MyScaleDB is an open-source cloud-native SQL vector database optimized for AI applications and solutions, built on the open-source ClickHouse database, allowing us to effectively manage massive volumes of data for the development of robust and scalable AI applications. Some of the most significant benefits of using MyScaleDB include:
- Built for production AI applications: Manages and supports search and analytical processing of structured text, and vectorized data on a single platform. Combining different data modalities, such as in filtered search, is also crucial for improving RAG accuracy.
- Built for performance and scalability: Cutting-edge OLAP database architecture combined with advanced vector algorithms to perform vector operations at incredible speeds, scalability and cost-efficiency.
- Built for universal accessibility: SQL with vector-related functions is the only programming language needed to interact with MyScaleDB.
Compared with specialized vector databases that use custom APIs, MyScaleDB is more powerful, performant, and cost-effective while remaining simpler to use. This makes it suitable for a large community of programmers. Additionally, when compared to integrated vector databases like PostgreSQL with pgvector or ElasticSearch with vector extensions, MyScaleDB consumes fewer resources and achieves better accuracy and speed for structured and vector joint queries, such as filtered searches.
Moreover, with MyScaleDB's SQL support and rich data types and functions, you can seamlessly manage and query multiple data modalities in a unified system. This allows you to leverage structured, vector, text, time-series, and other data types simultaneously with a single query. The SQL data model supports flexible and sophisticated data modeling, which has been battle-tested for over half a century. MyScaleDB's streamlined SQL vector approach ensures rapid and efficient processing, saving time and reducing complexity, empowering you to tackle AI/LLM and big data tasks with ease.
- Unified structured and vectorized data management
- SQL vector database
- Millisecond search on billion vectors
- Highly reliable & linearly scalable
- Hybrid search & complex SQL vector queries
- Disk-based vector index for high data density1
See MyScaleDB documentation and blogs for more about MyScale’s unique features and advantages. Our open-source benchmark provides detailed comparison with other vector database products.

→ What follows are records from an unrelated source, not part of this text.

(* Let $p,q$ be integers with $2\le p<q\le5p-1$ and fix $\beta_3\ge0$. Let $r_{\beta_3}$ be the transition curve: for $\beta_1<\beta_1^c$, $r_{\beta_3}(\beta_1)$ is the unique value of $\beta_2$ for which $u\mapsto l(u)=\beta_1u+\beta_2u^p+\beta_3u^q-\tfrac12u\log u-\tfrac12(1-u)\log(1-u)$ has two distinct global maximizers on $[0,1]$. Then $$\lim_{\beta_1\to-\infty}\big|r_{\beta_3}(\beta_1)+\beta_1+\beta_3\big|=0.$$
   Context: Here $\beta_1^c=\tfrac12\log\tfrac{u_0}{1-u_0}-\tfrac{1}{2(p-1)(1-u_0)}+\tfrac{pu_0-(p-1)}{2(p-1)(q-1)(1-u_0)^2}$, where $u_0\in(0,1)$ is the unique solution of $\beta_3=\frac{pu_0-(p-1)}{2q(q-1)(q-p)u_0^{q-1}(1-u_0)^2}$; existence and uniqueness of $r_{\beta_3}(\beta_1)$ for each $\beta_1<\beta_1^c$ is part of the standing setup. *)

From Stdlib Require Import Reals Lra.
Open Scope R_scope.

Definition xlogx (x : R) : R := if Req_EM_T x 0 then 0 else x * ln x.

Definition lfun (p q : nat) (b1 b2 b3 u : R) : R :=
  b1 * u + b2 * u ^ p + b3 * u ^ q - / 2 * xlogx u - / 2 * xlogx (1 - u).

Definition is_global_max01 (f : R -> R) (u : R) : Prop :=
  0 <= u <= 1 /\ forall v, 0 <= v <= 1 -> f v <= f u.

Definition two_global_max (p q : nat) (b1 b2 b3 : R) : Prop :=
  exists u1 u2, u1 <> u2 /\
    is_global_max01 (lfun p q b1 b2 b3) u1 /\
    is_global_max01 (lfun p q b1 b2 b3) u2.
(* Let $n\ge 3$ and let $\preceq$ be an admissible partial order on $\Lambda$. Let $\mathbf{T}(\preceq)$ be the set of all tilings $T$ such that for every 4-element subset $F\subseteq[n]$, the set $T\cap\mathrm{stick}(F)$ is an initial segment of $\mathrm{stick}(F)$ if $\preceq$ orders the stick of $F$ lexicographically, and a final segment of $\mathrm{stick}(F)$ if $\preceq$ orders it anti-lexicographically. Then $\mathbf{T}(\preceq)$ is a Condorcet super-domain which is maximal by inclusion: for every tiling $T\notin\mathbf{T}(\preceq)$, the set $\mathbf{T}(\preceq)\cup\{T\}$ is not a Condorcet super-domain.
   Context: Fix an integer $n\ge 3$ and write $[n]=\{1,\dots,n\}$. Let $\Lambda$ be the set of 3-element subsets of $[n]$; a triple $\{i,j,k\}$ with $i<j<k$ is written $ijk$. For a 4-element subset $F=\{i<j<k<l\}$ of $[n]$, the stick of $F$, $\mathrm{stick}(F)$, is the sequence $(ijk,\ ijl,\ ikl,\ jkl)$ (the lexicographic order on these four triples); the reverse sequence is the anti-lexicographic order. A tiling (the inversion set of a rhombus tiling of the zonogon $Z(n;2)$) is a subset $T\subseteq\Lambda$ such that for every 4-element $F\subseteq[n]$, $T\cap\mathrm{stick}(F)$ is an initial segment or a final segment of $\mathrm{stick}(F)$ (empty set and whole stick allowed). Let $\mathbf T$ be the set of tilings. For a finite set $V$ of odd cardinality and tilings $(T_v)_{v\in V}$, $sm((T_v)_{v\in V})$ is the set of triples lying in $T_v$ for more than $|V|/2$ indices $v$. A subset $\mathbf D\subseteq\mathbf T$ is a Condorcet super-domain if for every finite $V$ of odd cardinality and every family $(T_v)_{v\in V}$ with all $T_v\in\mathbf D$, $sm((T_v)_{v\in V})$ is a tiling. A partial order $\preceq$ on $\Lambda$ is admissible if for every 4-element $F\subseteq[n]$ its restriction to the four triples of $\mathrm{stick}(F)$ is the lexicographic linear order or the anti-lexicographic linear order. *)

(* [n] = {1..n} is modelled by 'I_n = {0..n-1} (order-preserving shift). *)
From mathcomp Require Import all_boot all_order.
Set Implicit Arguments. Unset Strict Implicit. Unset Printing Implicit Defensive.

Section Tilings.
Variable n : nat.

Definition is_triple (t : {set 'I_n}) : bool := #|t| == 3.

(* stick F = (F\{l}, F\{k}, F\{j}, F\{i}) for F = {i<j<k<l}, i.e. (ijk, ijl, ikl, jkl) *)
Definition ord_le (x y : 'I_n) : bool := (x <= y)%N.
Definition stick (F : {set 'I_n}) : seq {set 'I_n} :=
  [seq F :\ x | x <- rev (sort ord_le (enum F))].

Definition stick_at (F : {set 'I_n}) (i : nat) : {set 'I_n} := nth set0 (stick F) i.

Definition initial_seg (T : {set {set 'I_n}}) (F : {set 'I_n}) : Prop :=
  exists m, (m <= 4)%N /\ forall i, (i < 4)%N -> (stick_at F i \in T) = (i < m)%N.
Definition final_seg (T : {set {set 'I_n}}) (F : {set 'I_n}) : Prop :=
  exists m, (m <= 4)%N /\ forall i, (i < 4)%N -> (stick_at F i \in T) = (m <= i)%N.

Definition tiling (T : {set {set 'I_n}}) : Prop :=
  (forall t, t \in T -> is_triple t) /\
  forall F : {set 'I_n}, #|F| = 4 -> initial_seg T F \/ final_seg T F.

Definition sm (V : finType) (f : V -> {set {set 'I_n}}) : {set {set 'I_n}} :=
  [set t | is_triple t & (#|V| < 2 * #|[set v | t \in f v]|)%N].

Definition condorcet_super_domain (D : {set {set 'I_n}} -> Prop) : Prop :=
  (forall T, D T -> tiling T) /\
  forall (V : finType) (f : V -> {set {set 'I_n}}),
    odd #|V| -> (forall v, D (f v)) -> tiling (sm f).

Definition partial_order_on_Lambda (r : rel {set 'I_n}) : Prop :=
  (forall a, is_triple a -> r a a) /\
  (forall a b, is_triple a -> is_triple b -> r a b -> r b a -> a = b) /\
  (forall a b c, is_triple a -> is_triple b -> is_triple c -> r a b -> r b c -> r a c).

Definition lex_on_stick (r : rel {set 'I_n}) (F : {set 'I_n}) : Prop :=
  forall i j, (i < 4)%N -> (j < 4)%N -> r (stick_at F i) (stick_at F j) = (i <= j)%N.
Definition antilex_on_stick (r : rel {set 'I_n}) (F : {set 'I_n}) : Prop :=
  forall i j, (i < 4)%N -> (j < 4)%N -> r (stick_at F i) (stick_at F j) = (j <= i)%N.

Definition admissible (r : rel {set 'I_n}) : Prop :=
  partial_order_on_Lambda r /\
  forall F : {set 'I_n}, #|F| = 4 -> lex_on_stick r F \/ antilex_on_stick r F.

Definition T_of (r : rel {set 'I_n}) (T : {set {set 'I_n}}) : Prop :=
  tiling T /\
  forall F : {set 'I_n}, #|F| = 4 ->
    (lex_on_stick r F -> initial_seg T F) /\ (antilex_on_stick r F -> final_seg T F).

End Tilings.

From mathcomp Require Import all_boot all_order.
From Stdlib Require Import Classical.

(* On each stick the four triples are ordered by position 0..3; a tiling of
   T(≼) meets a lexicographically ordered stick in an initial segment, i.e. a
   set of positions closed under "i+1 in => i in", and an antilexicographically
   ordered one in a final segment.  A strict majority preserves every implication
   "t in => s in" that holds for all voters, so majorities of T(≼) stay in T(≼).
   For maximality, a tiling T outside T(≼) meets some lexicographic stick in a
   proper final segment (or an antilexicographic one in a proper initial
   segment).  The empty set and the principal down-sets {t | t ≼ s} lie in T(≼)
   and realise every initial segment of a lexicographic stick, and the majority
   of T with two of them can be made neither initial nor final: for instance
   positions {1,2,3}, {} and {0,1,2} vote for {1,2}. *)

Set Implicit Arguments.
Unset Strict Implicit.
Unset Printing Implicit Defensive.

Definition decreasing4 (p : nat -> bool) : bool :=
  all (fun i => p i.+1 ==> p i) (iota 0 3).
Definition increasing4 (p : nat -> bool) : bool :=
  all (fun i => p i ==> p i.+1) (iota 0 3).
Definition segment4 (p : nat -> bool) : bool := decreasing4 p || increasing4 p.

Definition maj3 (p q s : nat -> bool) (i : nat) : bool := (2 <= p i + q i + s i)%N.

Lemma decreasing4P (p : nat -> bool) :
  reflect (forall i, (i < 3)%N -> p i.+1 -> p i) (decreasing4 p).
Proof.
apply: (iffP allP) => [dec_p i lt_i3 | dec_p i]; last by rewrite mem_iota => /dec_p/implyP.
by apply/implyP/dec_p; rewrite mem_iota.
Qed.

Lemma increasing4P (p : nat -> bool) :
  reflect (forall i, (i < 3)%N -> p i -> p i.+1) (increasing4 p).
Proof.
apply: (iffP allP) => [inc_p i lt_i3 | inc_p i]; last by rewrite mem_iota => /inc_p/implyP.
by apply/implyP/inc_p; rewrite mem_iota.
Qed.

Lemma eq_segment4 (p q : nat -> bool) :
  (forall i, (i < 4)%N -> p i = q i) -> segment4 p = segment4 q.
Proof. by move=> pq; rewrite /segment4 /decreasing4 /increasing4 /= !pq. Qed.

Lemma initial_patternP (p : nat -> bool) :
  reflect (exists m, (m <= 4)%N /\ forall i, (i < 4)%N -> p i = (i < m)%N)
          (decreasing4 p).
Proof.
apply: (iffP idP) => [dec_p | [m [_ pm]]].
  exists (p 0 + p 1 + p 2 + p 3)%N; split=> [|[|[|[|[|i]]]]] //; move: dec_p;
  by rewrite /decreasing4 /=; case: (p 0); case: (p 1); case: (p 2); case: (p 3).
by rewrite /decreasing4 /= !pm //; case: m {pm} => [|[|[|[|m]]]].
Qed.

Lemma final_patternP (p : nat -> bool) :
  reflect (exists m, (m <= 4)%N /\ forall i, (i < 4)%N -> p i = (m <= i)%N)
          (increasing4 p).
Proof.
apply: (iffP idP) => [inc_p | [m [_ pm]]].
  exists (4 - (p 0 + p 1 + p 2 + p 3))%N; split=> [|[|[|[|[|i]]]]] //; move: inc_p;
  by rewrite /increasing4 /=; case: (p 0); case: (p 1); case: (p 2); case: (p 3).
by rewrite /increasing4 /= !pm //; case: m {pm} => [|[|[|[|m]]]].
Qed.

Lemma maj3_final_initial m : (0 < m < 4)%N ->
  exists a b, [/\ (a <= 4)%N, (b <= 4)%N &
    ~~ segment4 (maj3 (fun i => m <= i) (fun i => i < a) (fun i => i < b))]%N.
Proof. by case: m => [|[|[|[|m]]]] // _; [exists 0, 3 | exists 1, 4 | exists 1, 4]. Qed.

Lemma maj3_initial_final m : (0 < m < 4)%N ->
  exists a b, [/\ (a <= 4)%N, (b <= 4)%N &
    ~~ segment4 (maj3 (fun i => i < m) (fun i => a <= i) (fun i => b <= i))]%N.
Proof. by case: m => [|[|[|[|m]]]] // _; [exists 3, 0 | exists 3, 0 | exists 4, 1]. Qed.

Section Sticks.
Variable n : nat.
Implicit Types (F s t : {set 'I_n}) (X T A B : {set {set 'I_n}}).

Lemma initial_segP X F :
  reflect (initial_seg X F) (decreasing4 (fun i => stick_at F i \in X)).
Proof. exact: initial_patternP. Qed.

Lemma final_segP X F :
  reflect (final_seg X F) (increasing4 (fun i => stick_at F i \in X)).
Proof. exact: final_patternP. Qed.

Lemma final_not_initial X F : final_seg X F -> ~ initial_seg X F ->
  exists2 m, (0 < m < 4)%N & forall i, (i < 4)%N -> (stick_at F i \in X) = (m <= i)%N.
Proof.
move=> [m [le_m4 Xm]] not_init; exists m => //; apply/andP; split.
  rewrite lt0n; apply/eqP => m0; apply: not_init.
  by exists 4; split=> // i lt_i4; rewrite Xm // m0.
rewrite ltn_neqAle le_m4 andbT; apply/eqP => m4; apply: not_init.
by exists 0; split=> // i lt_i4; rewrite Xm // m4 leqNgt lt_i4.
Qed.

Lemma initial_not_final X F : initial_seg X F -> ~ final_seg X F ->
  exists2 m, (0 < m < 4)%N & forall i, (i < 4)%N -> (stick_at F i \in X) = (i < m)%N.
Proof.
move=> [m [le_m4 Xm]] not_fin; exists m => //; apply/andP; split.
  rewrite lt0n; apply/eqP => m0; apply: not_fin.
  by exists 4; split=> // i lt_i4; rewrite Xm // m0 ltn0 leqNgt lt_i4.
rewrite ltn_neqAle le_m4 andbT; apply/eqP => m4; apply: not_fin.
by exists 0; split=> // i lt_i4; rewrite Xm // m4.
Qed.

Lemma stick_triple F i : #|F| = 4 -> (i < 4)%N -> is_triple (stick_at F i).
Proof.
move=> card_F lt_i4.
have size_stick : size (stick F) = 4 by rewrite size_map size_rev size_sort -cardE.
apply: (all_nthP set0 _ i); last by rewrite size_stick.
rewrite all_map; apply/allP => x; rewrite mem_rev mem_sort mem_enum => Fx /=.
by move: card_F; rewrite /is_triple (cardsD1 x F) Fx add1n => -[->].
Qed.

Lemma sm_mono (V : finType) (f : V -> {set {set 'I_n}}) s t :
  is_triple s -> (forall v, t \in f v -> s \in f v) -> t \in sm f -> s \in sm f.
Proof.
rewrite !inE => -> ts /andP[_ maj_t]; rewrite (leq_trans maj_t) // leq_mul2l.
by apply/orP; right; apply/subset_leq_card/subsetP => v; rewrite !inE => /ts.
Qed.

Definition sm3 T A B : {set {set 'I_n}} := sm (tnth [tuple T; A; B]).

Lemma in_sm3 T A B t : is_triple t ->
  (t \in sm3 T A B) = (2 <= (t \in T) + (t \in A) + (t \in B))%N.
Proof.
rewrite inE => ->; rewrite card_ord -sum1_card big_mkcond !big_ord_recl big_ord0.
by rewrite !inE !(tnth_nth T) /=; case: (t \in T); case: (t \in A); case: (t \in B).
Qed.

Lemma sm3_not_tiling F T A B (p q s : nat -> bool) : #|F| = 4 ->
  (forall i, (i < 4)%N -> (stick_at F i \in T) = p i) ->
  (forall i, (i < 4)%N -> (stick_at F i \in A) = q i) ->
  (forall i, (i < 4)%N -> (stick_at F i \in B) = s i) ->
  ~~ segment4 (maj3 p q s) -> ~ tiling (sm3 T A B).
Proof.
move=> card_F Tp Aq Bs /negP not_seg [_ /(_ F card_F) seg]; apply: not_seg.
rewrite -(@eq_segment4 (fun i => stick_at F i \in sm3 T A B)) => [|i lt_i4].
  by rewrite /segment4; case: seg => [/initial_segP | /final_segP] ->; rewrite ?orbT.
by rewrite in_sm3 ?stick_triple // Tp ?Aq ?Bs.
Qed.

Section Admissible.
Variable r : rel {set 'I_n}.
Hypothesis adm : admissible r.

Lemma T_of_downset X : (forall t, t \in X -> is_triple t) ->
  (forall s t, t \in X -> is_triple s -> r s t -> s \in X) -> T_of r X.
Proof.
move=> X_triple X_down.
have lex_init F : #|F| = 4 -> lex_on_stick r F -> initial_seg X F.
  move=> card_F lex; apply/initial_segP/decreasing4P => i lt_i3 /(X_down (stick_at F i)); apply.
    exact: stick_triple card_F (leqW lt_i3).
  by rewrite lex ?leqnSn // leqW.
have antilex_fin F : #|F| = 4 -> antilex_on_stick r F -> final_seg X F.
  move=> card_F antilex; apply/final_segP/increasing4P => i lt_i3 /(X_down (stick_at F i.+1)); apply.
    exact: stick_triple card_F _.
  by rewrite antilex ?leqnSn // leqW.
split; last by move=> F card_F; split; [exact: lex_init | exact: antilex_fin].
split=> // F card_F.
by case: (adm.2 F card_F) => [/(lex_init F card_F) | /(antilex_fin F card_F)]; [left | right].
Qed.

Lemma T_of_set0 : T_of r set0.
Proof. by apply: T_of_downset => [t | s t]; rewrite inE. Qed.

Lemma T_of_principal s : is_triple s -> T_of r [set t | is_triple t && r t s].
Proof.
have [_ [_ r_trans]] := adm.1.
move=> s_triple; apply: T_of_downset => [t | t u]; rewrite !inE => /andP[] // u_triple r_us t_triple r_tu.
by rewrite t_triple (r_trans t u s).
Qed.

Lemma initial_seg_realized F a : #|F| = 4 -> lex_on_stick r F -> (a <= 4)%N ->
  exists2 A, T_of r A & forall i, (i < 4)%N -> (stick_at F i \in A) = (i < a)%N.
Proof.
move=> card_F lex; case: a => [_ | k lt_k4].
  by exists set0 => [|i _]; [exact: T_of_set0 | rewrite inE].
exists [set t | is_triple t && r t (stick_at F k)] => [|i lt_i4].
  exact/T_of_principal/stick_triple.
by rewrite inE stick_triple // lex.
Qed.

Lemma final_seg_realized F a : #|F| = 4 -> antilex_on_stick r F -> (a <= 4)%N ->
  exists2 A, T_of r A & forall i, (i < 4)%N -> (stick_at F i \in A) = (a <= i)%N.
Proof.
move=> card_F antilex; rewrite leq_eqVlt => /predU1P[-> | lt_a4].
  by exists set0 => [|i lt_i4]; [exact: T_of_set0 | rewrite inE leqNgt lt_i4].
exists [set t | is_triple t && r t (stick_at F a)] => [|i lt_i4].
  exact/T_of_principal/stick_triple.
by rewrite inE stick_triple // antilex.
Qed.

Lemma T_of_condorcet : condorcet_super_domain (T_of r).
Proof.
split=> [T [] // | V f _ f_in]; split=> [t | F card_F]; first by rewrite inE => /andP[].
case: (adm.2 F card_F) => [lex | antilex]; [left | right].
- apply/initial_segP/decreasing4P => i lt_i3; apply: sm_mono => [|v].
    exact: stick_triple card_F (leqW lt_i3).
  by move/initial_segP/decreasing4P: (((f_in v).2 F card_F).1 lex); apply.
- apply/final_segP/increasing4P => i lt_i3; apply: sm_mono => [|v].
    exact: stick_triple card_F _.
  by move/final_segP/increasing4P: (((f_in v).2 F card_F).2 antilex); apply.
Qed.

Lemma T_of_maximal T : tiling T -> ~ T_of r T ->
  exists A B, [/\ T_of r A, T_of r B & ~ tiling (sm3 T A B)].
Proof.
move=> T_til not_T.
have [F not_F] : exists F : {set 'I_n}, ~ (#|F| = 4 ->
    (lex_on_stick r F -> initial_seg T F) /\ (antilex_on_stick r F -> final_seg T F)).
  by apply: not_all_ex_not => all_F; apply: not_T.
have [card_F /not_and_or[not_lex_init | not_antilex_fin]] := imply_to_and _ _ not_F.
- have [lex not_init] := imply_to_and _ _ not_lex_init.
  have [m m_range Tm] : exists2 m, (0 < m < 4)%N &
      forall i, (i < 4)%N -> (stick_at F i \in T) = (m <= i)%N.
    by apply: final_not_initial not_init; case: (T_til.2 F card_F) => // /not_init.
  have [a [b [le_a4 le_b4 not_seg]]] := maj3_final_initial m_range.
  have [A TA Aa] := initial_seg_realized card_F lex le_a4.
  have [B TB Bb] := initial_seg_realized card_F lex le_b4.
  by exists A, B; split=> //; apply: sm3_not_tiling card_F Tm Aa Bb not_seg.
- have [antilex not_fin] := imply_to_and _ _ not_antilex_fin.
  have [m m_range Tm] : exists2 m, (0 < m < 4)%N &
      forall i, (i < 4)%N -> (stick_at F i \in T) = (i < m)%N.
    by apply: initial_not_final not_fin; case: (T_til.2 F card_F) => // /not_fin.
  have [a [b [le_a4 le_b4 not_seg]]] := maj3_initial_final m_range.
  have [A TA Aa] := final_seg_realized card_F antilex le_a4.
  have [B TB Bb] := final_seg_realized card_F antilex le_b4.
  by exists A, B; split=> //; apply: sm3_not_tiling card_F Tm Aa Bb not_seg.
Qed.

End Admissible.
End Sticks.

Theorem theorem2 (n : nat) (r : rel {set 'I_n}) :
  (3 <= n)%N -> admissible r ->
  condorcet_super_domain (T_of r) /\
  (forall T : {set {set 'I_n}}, tiling T -> ~ T_of r T ->
     ~ condorcet_super_domain (fun X => T_of r X \/ X = T)).
Proof.
move=> _ adm; split; first exact: T_of_condorcet.
move=> T T_til not_T [_ csd].
have [A [B [TA TB not_til]]] := T_of_maximal adm T_til not_T.
apply/not_til/csd => [|v]; first by rewrite card_ord.
by rewrite (tnth_nth T); case: v => -[|[|[|]]] //= _; [right | left | left].
Qed.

ClickHouse is a popular open-source analytical database that excels at big data processing and analytics due to its columnar storage with advanced compression, skip indexing, and SIMD processing. Unlike transactional databases like PostgreSQL and MySQL, which use row storage and main optimzies for transactional processing, ClickHouse has significantly faster analytical and data scanning speeds.
One of the key operations in combining structured and vector search is filtered search, which involves filtering by other attributes first and then performing vector search on the remaining data. Columnar storage and pre-filtering are crucial for ensuring high accuracy and high performance in filtered search, which is why we chose to build MyScaleDB on top of ClickHouse.
While we have modified ClickHouse's execution and storage engine in many ways to ensure fast and cost-effective SQL vector queries, many of the features (#37893, #38048, #37859, #56728) related to general SQL processing have been contributed back to the ClickHouse open source community.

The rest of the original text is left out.